Outcomes of the activity

- Competence Development: Participants experienced significant development in various areas, including creativity, graphic facilitation, visual thinking, accessibility, and diversity awareness. By acquiring these new competences, the individual youth workers became more skilled and effective in their roles. The enhanced competences also contributed to improving the quality of services and activities they conducted in their local organizations and communities.

- Video Production: Participants successfully produced videos that utilized graphic facilitation methods. These videos aimed to encourage other youth workers to adopt graphic facilitation in their daily activities with youth. This outcome demonstrates the participants' ability to apply the skills they learned during the training course to create valuable resources for the youth work community.

Your tasks and responsibilities within the team

In the trainers' team of three, my role was multi-faceted. I was responsible for leading various training sessions that delved into key areas including design thinking, visual communication techniques, and the fundamentals of graphic facilitation.

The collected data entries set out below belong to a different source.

Lemma dyck_word_onto w : dyck_from 0 w -> count id w = count negb w ->
  exists t, dyck_word t = w.
Proof.
move=> ok_w balanced; have [//|] := @unparse_parse w [:: [::]] _ ok_w.
case: (parse _ w) => [|f [|f' st]] /=; try lia.
by move=> word_f _; exists (Node f).
Qed.

Fixpoint peak_flags (f : bool) (w : seq bool) : seq bool :=
  match w with
  | [::] => [::]
  | true :: w' => peak_flags true w'
  | false :: w' => f :: peak_flags false w'
  end.

Lemma peak_flags_cat f w1 w2 :
  peak_flags f (w1 ++ w2) = peak_flags f w1 ++ peak_flags (last f w1) w2.
Proof. by elim: w1 f => [|[] w1 IH] f //=; rewrite IH. Qed.

Lemma head_peak_flags_rcons_down w : head false (peak_flags true (w ++ [:: false])) = true.
Proof. by elim: w => [|[] w IH]. Qed.

Definition leaf_flags (t : ptree) : seq bool := peak_flags true (dyck_word t).

Lemma peak_flags_word f t : peak_flags f (dyck_word t) = leaf_flags t.
Proof.
case: t => cs; elim: cs => [//|c cs IH].
by rewrite /leaf_flags dyck_word_cons !peak_flags_cat IH.
Qed.

Lemma last_dyck_word t : last true (dyck_word t) = is_leaf t.
Proof. by case: t => [[|c cs]] //; rewrite dyck_word_cons last_cat /= last_cat. Qed.

Lemma peak_flags_planted c :
  peak_flags true (dyck_word c ++ [:: false]) = rcons (leaf_flags c) (is_leaf c).
Proof. by rewrite peak_flags_cat last_dyck_word cats1. Qed.

Lemma leaf_flags_cons c cs :
  leaf_flags (Node (c :: cs)) = leaf_flags (Node cs) ++ rcons (leaf_flags c) (is_leaf c).
Proof. by rewrite /leaf_flags dyck_word_cons peak_flags_cat /= peak_flags_planted. Qed.

Lemma head_rcons_leaf_flags c : head false (rcons (leaf_flags c) (is_leaf c)) = true.
Proof. by rewrite -peak_flags_planted head_peak_flags_rcons_down. Qed.

Lemma last_leaf_flags cs : last false (leaf_flags (Node cs)) = head_leaf cs.
Proof. by case: cs => [//|c cs]; rewrite leaf_flags_cons last_cat last_rcons. Qed.

Fixpoint true_pairs (l : seq bool) : nat :=
  if l is b :: l' then (b && head false l') + true_pairs l' else 0.

Fixpoint true_ends (l : seq bool) : nat :=
  if l is b :: l' then (b && ~~ head false l') + true_ends l' else 0.

Lemma true_pairs_cat l1 l2 :
  true_pairs (l1 ++ l2) = true_pairs l1 + true_pairs l2 + (last false l1 && head false l2).
Proof.
elim: l1 => [|b [|b' l1] IH] /=; first by rewrite addn0.
  by case: b; lia.
by move: IH => /=; lia.
Qed.

Lemma true_ends_cat l1 l2 :
  true_ends (l1 ++ l2) + (last false l1 && head false l2) = true_ends l1 + true_ends l2.
Proof.
elim: l1 => [|b [|b' l1] IH] /=; first by rewrite addn0.
  by case: b; case: l2 {IH} => [|[] l2] /=; lia.
by move: IH => /=; lia.
Qed.

Lemma true_pairs_rcons l b : true_pairs (rcons l b) = true_pairs l + (last false l && b).
Proof. by rewrite -cats1 true_pairs_cat /=; case: b; rewrite ?andbT ?andbF; lia. Qed.

Lemma true_ends_rcons l b : true_ends (rcons l b) + (last false l && b) = true_ends l + b.
Proof. by rewrite -cats1 true_ends_cat /=; case: b; rewrite ?andbT ?andbF; lia. Qed.

Lemma leaf_stats t :
  true_pairs (leaf_flags t) = young_leaves t /\ true_ends (leaf_flags t) = old_leaves t.
Proof.
case: t => cs; elim/forest_ind: cs => [//|cs' cs [young' old'] [young old]].
have no_pair : head_leaf cs' && is_leaf (Node cs') = false.
  by clear young' old'; case: cs' => // c l; rewrite andbF.
rewrite leaf_flags_cons; split.
  rewrite true_pairs_cat true_pairs_rcons head_rcons_leaf_flags !last_leaf_flags no_pair.
  by rewrite young' young young_leaves_cons andbT; lia.
have := true_ends_rcons (leaf_flags (Node cs')) (is_leaf (Node cs')).
have := true_ends_cat (leaf_flags (Node cs))
  (rcons (leaf_flags (Node cs')) (is_leaf (Node cs'))).
have := old_leaves_cons (Node cs') cs.
rewrite head_rcons_leaf_flags !last_leaf_flags no_pair old' old andbT; lia.
Qed.

Definition mex (s : seq nat) : nat := find (fun k => k \notin s) (iota 0 (size s).+1).

Lemma has_notin_iota (s : seq nat) : has (fun k => k \notin s) (iota 0 (size s).+1).
Proof.
apply/hasPn => all_in.
have /(uniq_leq_size (iota_uniq 0 _)) : {subset iota 0 (size s).+1 <= s}.
  by move=> k /all_in; rewrite negbK.
by rewrite size_iota ltnn.
Qed.

Lemma mex_le_size (s : seq nat) : mex s <= size s.
Proof. by have := has_notin_iota s; rewrite has_find size_iota ltnS. Qed.

Lemma mex_notin (s : seq nat) : mex s \notin s.
Proof.
by have := nth_find 0 (has_notin_iota s); rewrite nth_iota // ltnS; apply: mex_le_size.
Qed.

Lemma mem_lt_mex (s : seq nat) k : k < mex s -> k \in s.
Proof.
move=> lt_k; have := before_find 0 lt_k.
rewrite nth_iota => [/negbFE //|].
by rewrite ltnS (leq_trans (ltnW lt_k)) ?mex_le_size.
Qed.

Lemma mex_eq (s : seq nat) x : x \notin s -> {subset iota 0 x <= s} -> mex s = x.
Proof.
move=> x_notin sub_x; apply/eqP; rewrite eqn_leq.
apply/andP; split; rewrite leqNgt; apply/negP; first by move/mem_lt_mex; apply/negP.
by move=> lt_mex; move: (mex_notin s); rewrite sub_x // mem_iota.
Qed.

Definition lsub (s : seq nat) : nat := foldr (fun x n => maxn x.+1 n) 0 s.

Lemma lsub_cons x s : lsub (x :: s) = maxn x.+1 (lsub s).
Proof. by []. Qed.

Lemma lsub_rcons (s : seq nat) x : lsub (rcons s x) = maxn (lsub s) x.+1.
Proof. by elim: s => [|y s IH]; rewrite ?rcons_cons lsub_cons ?IH /=; lia. Qed.

Lemma lt_lsub (s : seq nat) x : x \in s -> x < lsub s.
Proof. by elim: s => [//|y s IH]; rewrite in_cons lsub_cons => /orP[/eqP->|/IH]; lia. Qed.

Lemma lsub_le (s : seq nat) n : all (fun x => x < n) s -> lsub s <= n.
Proof. by elim: s => [//|y s IH]; rewrite lsub_cons => /andP[? /IH]; lia. Qed.

Lemma pred_lsub_in (s : seq nat) : 0 < lsub s -> (lsub s).-1 \in s.
Proof.
elim: s => [//|y s IH]; rewrite lsub_cons in_cons => _.
by case: (leqP y.+1 (lsub s)) => ?; [rewrite IH ?orbT; lia | rewrite eqxx].
Qed.

Lemma size_le_lsub (s : seq nat) : uniq s -> size s <= lsub s.
Proof.
move=> uniq_s; have /(uniq_leq_size uniq_s) : {subset s <= iota 0 (lsub s)}.
  by move=> x /lt_lsub; rewrite mem_iota.
by rewrite size_iota.
Qed.

Lemma lsub_full (s : seq nat) : uniq s -> all (fun x => x < size s) s -> lsub s = size s.
Proof. by move=> uniq_s all_lt; apply/eqP; rewrite eqn_leq lsub_le ?size_le_lsub. Qed.

Lemma mem_full (s : seq nat) y :
  uniq s -> all (fun x => x < size s) s -> y < size s -> y \in s.
Proof.
move=> uniq_s all_lt lt_y; have sub_s : {subset s <= iota 0 (size s)}.
  by move=> x x_s; rewrite mem_iota (allP all_lt).
have [|_ ->] := uniq_min_size uniq_s sub_s; first by rewrite size_iota.
by rewrite mem_iota.
Qed.

Lemma mex_lt_size (s : seq nat) : uniq s -> size s < lsub s -> mex s < size s.
Proof.
move=> uniq_s lt_size; rewrite ltn_neqAle mex_le_size andbT; apply/eqP => mex_size.
have sub_s : {subset iota 0 (size s) <= s}.
  by move=> y; rewrite mem_iota -mex_size => /mem_lt_mex.
have [|_ eq_s] := uniq_min_size (iota_uniq 0 _) sub_s; first by rewrite size_iota.
suff : lsub s <= size s by rewrite leqNgt lt_size.
by apply: lsub_le; apply/allP => x; rewrite -eq_s mem_iota.
Qed.

Definition next_value (n : nat) (f : bool) (pre : seq nat) : nat :=
  if f then n.-1 else mex pre.

Fixpoint seq_of_dyck (n : nat) (f : bool) (pre : seq nat) (w : seq bool) : seq nat :=
  match w with
  | [::] => [::]
  | true :: w' => seq_of_dyck n.+1 true pre w'
  | false :: w' =>
    next_value n f pre :: seq_of_dyck n false (rcons pre (next_value n f pre)) w'
  end.

Fixpoint dyck_of_seq (n : nat) (s : seq nat) : seq bool :=
  if s is x :: s' then nseq (x.+1 - n) true ++ false :: dyck_of_seq (maxn n x.+1) s'
  else [::].

Fixpoint wexc_flags (pre s : seq nat) : seq bool :=
  if s is v :: s' then (size pre <= v) :: wexc_flags (rcons pre v) s' else [::].

Fixpoint lrmax_or_mex (pre s : seq nat) : bool :=
  if s is v :: s' then
    (all (fun x => x < v) pre || all (fun y => y \in pre) (iota 0 v)) &&
    lrmax_or_mex (rcons pre v) s'
  else true.

Definition avoids321_seq (s : seq nat) : Prop :=
  forall a b c, a < b -> b < c -> c < size s ->
  ~~ ((nth 0 s c < nth 0 s b) && (nth 0 s b < nth 0 s a)).

Lemma next_value_spec n f (pre : seq nat) :
  uniq pre -> (if f then lsub pre < n else lsub pre == n) -> size pre < n ->
  let v := next_value n f pre in
  [/\ v \notin pre, lsub (rcons pre v) = n, (size pre <= v) = f &
      all (fun x => x < v) pre || all (fun y => y \in pre) (iota 0 v)].
Proof.
move=> uniq_pre + lt_size; have le_size := size_le_lsub uniq_pre.
rewrite /next_value lsub_rcons; case: f => [lt_n | /eqP eq_n].
  split; try lia; first by apply/negP => /lt_lsub; lia.
  by apply/orP; left; apply/allP => x /lt_lsub; lia.
have le_mex := mex_le_size pre; split; [exact: mex_notin | lia | |].
  by apply/negbTE; rewrite -ltnNge mex_lt_size // eq_n.
by apply/orP; right; apply/allP => y; rewrite mem_iota => /mem_lt_mex.
Qed.

Lemma seq_of_dyck_spec w n f (pre : seq nat) :
  uniq pre -> (if f then lsub pre < n else lsub pre == n) ->
  dyck_from (n - size pre) w -> n + count id w = size pre + count negb w ->
  let s := seq_of_dyck n f pre w in
  [/\ uniq (pre ++ s), all (fun x => x < n + count id w) s, lrmax_or_mex pre s,
      wexc_flags pre s = peak_flags f w &
      dyck_of_seq (lsub pre) s = nseq (n - lsub pre) true ++ w].
Proof.
elim: w n f pre => [|[] w IH] n f pre uniq_pre lsub_pre /=.
- rewrite addn0 !cats0 => _ n_size; split=> //.
  have := size_le_lsub uniq_pre; case: f lsub_pre => [? ?|/eqP -> _]; last by rewrite subnn.
  by exfalso; lia.
- have le_n : lsub pre <= n by case: f lsub_pre => [/ltnW|/eqP ->].
  have le_size : size pre <= n := leq_trans (size_le_lsub uniq_pre) le_n.
  rewrite -subSn // => dyck_w balance.
  have balance' : n.+1 + count id w = size pre + count negb w by lia.
  have [|uniq_s all_s lr_s -> ->] := IH n.+1 true pre uniq_pre _ dyck_w balance'.
    by rewrite ltnS.
  by split=> //; rewrite ?addnS // subSn // -addn1 nseqD -catA.
move=> /andP[lt_size dyck_w] balance.
have lt_n : size pre < n by rewrite -subn_gt0.
have [notin_v lsub_v wexc_v lr_v] := next_value_spec uniq_pre lsub_pre lt_n.
set v := next_value n f pre in notin_v lsub_v wexc_v lr_v *.
have balance' : n + count id w = size (rcons pre v) + count negb w.
  by rewrite size_rcons; lia.
have := IH n false (rcons pre v) _ _ _ balance'.
rewrite rcons_uniq notin_v lsub_v eqxx size_rcons subnS.
case=> // uniq_s all_s lr_s wexc_s dyck_s.
split.
- by rewrite -cat_rcons.
- by rewrite /= all_s andbT add0n ltn_addr // -lsub_v lt_lsub // mem_rcons mem_head.
- by rewrite lr_s lr_v.
- by rewrite wexc_s wexc_v.
- rewrite -lsub_rcons lsub_v dyck_s subnn; congr (nseq _ _ ++ _).
  by move: lsub_v; rewrite lsub_rcons; lia.
Qed.
(* Let $D$ be a Hadamard plan of index $n$, let $p$ be a prime with $p\equiv1\pmod n$, and let $F$ be the periodic codebook of length $p$ from $D$. Then for $s\in\mathbb F_p$, \[\sum_{f\in F}P_{f,f}(s)=\begin{cases}(n-1)(p-1)&s=0,\\ 1-n&s\ne0,\end{cases}\] so that $\sum_{s\in\mathbb F_p^*}\left|\sum_{f\in F}P_{f,f}(s)\right|^2=(p-1)(n-1)^2$, $\sum_{s\in\mathbb F_p}\left|\sum_{f\in F}P_{f,f}(s)\right|^2=p(p-1)(n-1)^2$, and $\mathrm{PCDF}(F)=p/(p-1)$.
   Context: For periodic sequences $f,g:\mathbb Z/\ell\mathbb Z\to\mathbb C$ and $s\in\mathbb Z/\ell\mathbb Z$, the periodic crosscorrelation is $P_{f,g}(s)=\sum_{j\in\mathbb Z/\ell\mathbb Z}f_{j+s}\overline{g_j}$. For nonzero $f,g$, $\mathrm{PCDF}(f,g)=\sum_{s}|P_{f,g}(s)|^2/(P_{f,f}(0)P_{g,g}(0))$, and for a finite set $F$ of such sequences of common length, $\mathrm{PCDF}(F)=|F|^{-2}\sum_{f,g\in F}\mathrm{PCDF}(f,g)$. For each prime $p$, $\alpha_p$ is a fixed primitive element of $\mathbb F_p$ and $\mathbb F_p^{*n}$ is the subgroup of $n$th powers. A cyclotomic pattern of index $n$ is $d:\mathbb Z/n\mathbb Z\to\mathbb C$; the periodic sequence of length $p$ from $d$ has $f_0=0$, $f_h=d_k$ for $h\in\alpha_p^k\mathbb F_p^{*n}$. The periodic codebook of length $p$ from a set $D$ of patterns is the set of periodic sequences of length $p$ from the patterns in $D$. A Hadamard plan of index $n$ is a set of exactly $n-1$ cyclotomic patterns of index $n$ that are unimodular (entries of modulus $1$), balanced (entries sum to $0$), and pairwise orthogonal in $\mathbb C^n$. *)

From mathcomp Require Import all_boot all_order all_algebra all_field.
Set Implicit Arguments. Unset Strict Implicit. Unset Printing Implicit Defensive.
Import Order.TTheory GRing.Theory Num.Theory.
Local Open Scope ring_scope.
(* Let $\alpha,\beta,\gamma,\delta\in\mathbb{R}$ with $\alpha+\delta\neq 0$ and $\alpha\gamma=0$, and let $G_7$ be the connected, simply connected Lie group whose Lie algebra $\mathfrak{g}_7$ has a basis $\{e_1,e_2,e_3\}$ with $[e_1,e_2]=-\alpha e_1-\beta e_2-\beta e_3$, $[e_1,e_3]=\alpha e_1+\beta e_2+\beta e_3$, $[e_2,e_3]=\gamma e_1+\delta e_2+\delta e_3$, equipped with the left-invariant Lorentzian metric $g$ for which $\{e_1,e_2,e_3\}$ is pseudo-orthonormal with $e_3$ timelike, and with the product structure $J$. Let $\lambda_0,c\in\mathbb{R}$. Then there exists a derivation $D$ of $\mathfrak{g}_7$ with $\widetilde{\mathrm{Ric}}^1=(s^1\lambda_0+c)\mathrm{Id}+D$ (i.e. $(G_7,g,J)$ is an algebraic Schouten soliton associated to the Kobayashi–Nomizu connection $\nabla^1$) if and only if $\alpha\neq0$, $\beta=\gamma=0$, $\delta=\frac12\alpha$ and $c=-\frac12\alpha^2+2\alpha^2\lambda_0$.
   Context: Pseudo-orthonormal means $g(e_1,e_1)=g(e_2,e_2)=1$, $g(e_3,e_3)=-1$, $g(e_i,e_j)=0$ for $i\neq j$; left-invariant tensors are identified with their values on $\mathfrak{g}$. $\nabla$ is the Levi-Civita connection of $g$. The product structure $J$ is the left-invariant endomorphism with $Je_1=e_1$, $Je_2=e_2$, $Je_3=-e_3$. The canonical connection is $\nabla^0_XY=\nabla_XY-\frac12(\nabla_XJ)JY$, and the Kobayashi–Nomizu connection is $\nabla^1_XY=\nabla^0_XY-\frac14[(\nabla_YJ)JX-(\nabla_{JY}J)X]$. For $k=0,1$: $R^k(X,Y)Z=\nabla^k_X\nabla^k_YZ-\nabla^k_Y\nabla^k_XZ-\nabla^k_{[X,Y]}Z$; $\rho^k(X,Y)=-g(R^k(X,e_1)Y,e_1)-g(R^k(X,e_2)Y,e_2)+g(R^k(X,e_3)Y,e_3)$; $\widetilde\rho^k(X,Y)=\frac12(\rho^k(X,Y)+\rho^k(Y,X))$; $\widetilde{\mathrm{Ric}}^k$ is defined by $\widetilde\rho^k(X,Y)=g(\widetilde{\mathrm{Ric}}^k(X),Y)$; and $s^k=\widetilde\rho^k(e_1,e_1)+\widetilde\rho^k(e_2,e_2)-\widetilde\rho^k(e_3,e_3)$. A derivation of $\mathfrak{g}$ is a linear map $D$ with $D[X,Y]=[DX,Y]+[X,DY]$. $(G,g,J)$ is an algebraic Schouten soliton associated to $\nabla^k$ (with real constants $\lambda_0,c$) if $\widetilde{\mathrm{Ric}}^k=(s^k\lambda_0+c)\mathrm{Id}+D$ for some derivation $D$. *)

From HB Require Import structures.
From mathcomp Require Import all_boot all_order all_algebra.
From mathcomp Require Import reals.
Set Implicit Arguments. Unset Strict Implicit. Unset Printing Implicit Defensive.
Import Order.TTheory GRing.Theory Num.Theory.
Local Open Scope ring_scope.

A major part of my duties focused on educating participants about digital tools applicable to design and graphic creation in youth work settings. These tools provided participants with creative ways to elevate their projects and connect more effectively with their intended audiences. Furthermore, I orchestrated discussions around Erasmus+ and Youthpass—important components that enhance the quality of youth work by promoting international mobility and acknowledging informal learning. Beyond content delivery, I also facilitated reflective activities where participants could contemplate their learning journey and personal growth, offering them deeper insights into their evolving roles as youth workers.

I worked on this training for 7 days as a full time trainer.